### ASSIGNMENT
Lines in the listing below containing the string "have" are to be identified and copied.
··· DATA FOR REVIEW
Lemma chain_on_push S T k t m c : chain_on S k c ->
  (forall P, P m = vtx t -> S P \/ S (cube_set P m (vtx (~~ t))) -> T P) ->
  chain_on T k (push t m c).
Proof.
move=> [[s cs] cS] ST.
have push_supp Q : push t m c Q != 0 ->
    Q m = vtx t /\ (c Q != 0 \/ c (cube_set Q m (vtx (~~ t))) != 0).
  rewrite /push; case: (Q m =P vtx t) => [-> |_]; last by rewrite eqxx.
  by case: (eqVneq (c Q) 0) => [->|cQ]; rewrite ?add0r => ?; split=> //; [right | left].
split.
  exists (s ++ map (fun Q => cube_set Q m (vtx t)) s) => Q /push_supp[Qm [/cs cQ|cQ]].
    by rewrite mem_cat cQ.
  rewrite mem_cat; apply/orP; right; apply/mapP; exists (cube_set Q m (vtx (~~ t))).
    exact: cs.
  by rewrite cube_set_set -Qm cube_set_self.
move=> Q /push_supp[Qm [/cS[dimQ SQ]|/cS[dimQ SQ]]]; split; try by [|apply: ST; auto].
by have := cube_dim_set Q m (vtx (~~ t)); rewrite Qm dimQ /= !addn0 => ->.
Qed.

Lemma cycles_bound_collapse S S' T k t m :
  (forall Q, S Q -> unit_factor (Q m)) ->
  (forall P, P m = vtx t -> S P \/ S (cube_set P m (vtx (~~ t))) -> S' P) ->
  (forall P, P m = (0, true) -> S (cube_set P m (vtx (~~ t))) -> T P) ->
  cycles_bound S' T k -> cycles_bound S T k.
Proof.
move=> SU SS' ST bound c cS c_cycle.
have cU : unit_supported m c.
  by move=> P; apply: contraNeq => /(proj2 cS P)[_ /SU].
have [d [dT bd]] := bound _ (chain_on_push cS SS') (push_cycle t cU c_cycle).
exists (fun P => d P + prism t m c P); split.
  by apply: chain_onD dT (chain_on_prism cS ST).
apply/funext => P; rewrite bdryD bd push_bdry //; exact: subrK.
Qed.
······
### WRITTEN SOLUTION
have push_supp Q : push t m c Q != 0 ->
by have := cube_dim_set Q m (vtx (~~ t)); rewrite Qm dimQ /= !addn0 => ->.
have cU : unit_supported m c.
have [d [dT bd]] := bound _ (chain_on_push cS SS') (push_cycle t cU c_cycle).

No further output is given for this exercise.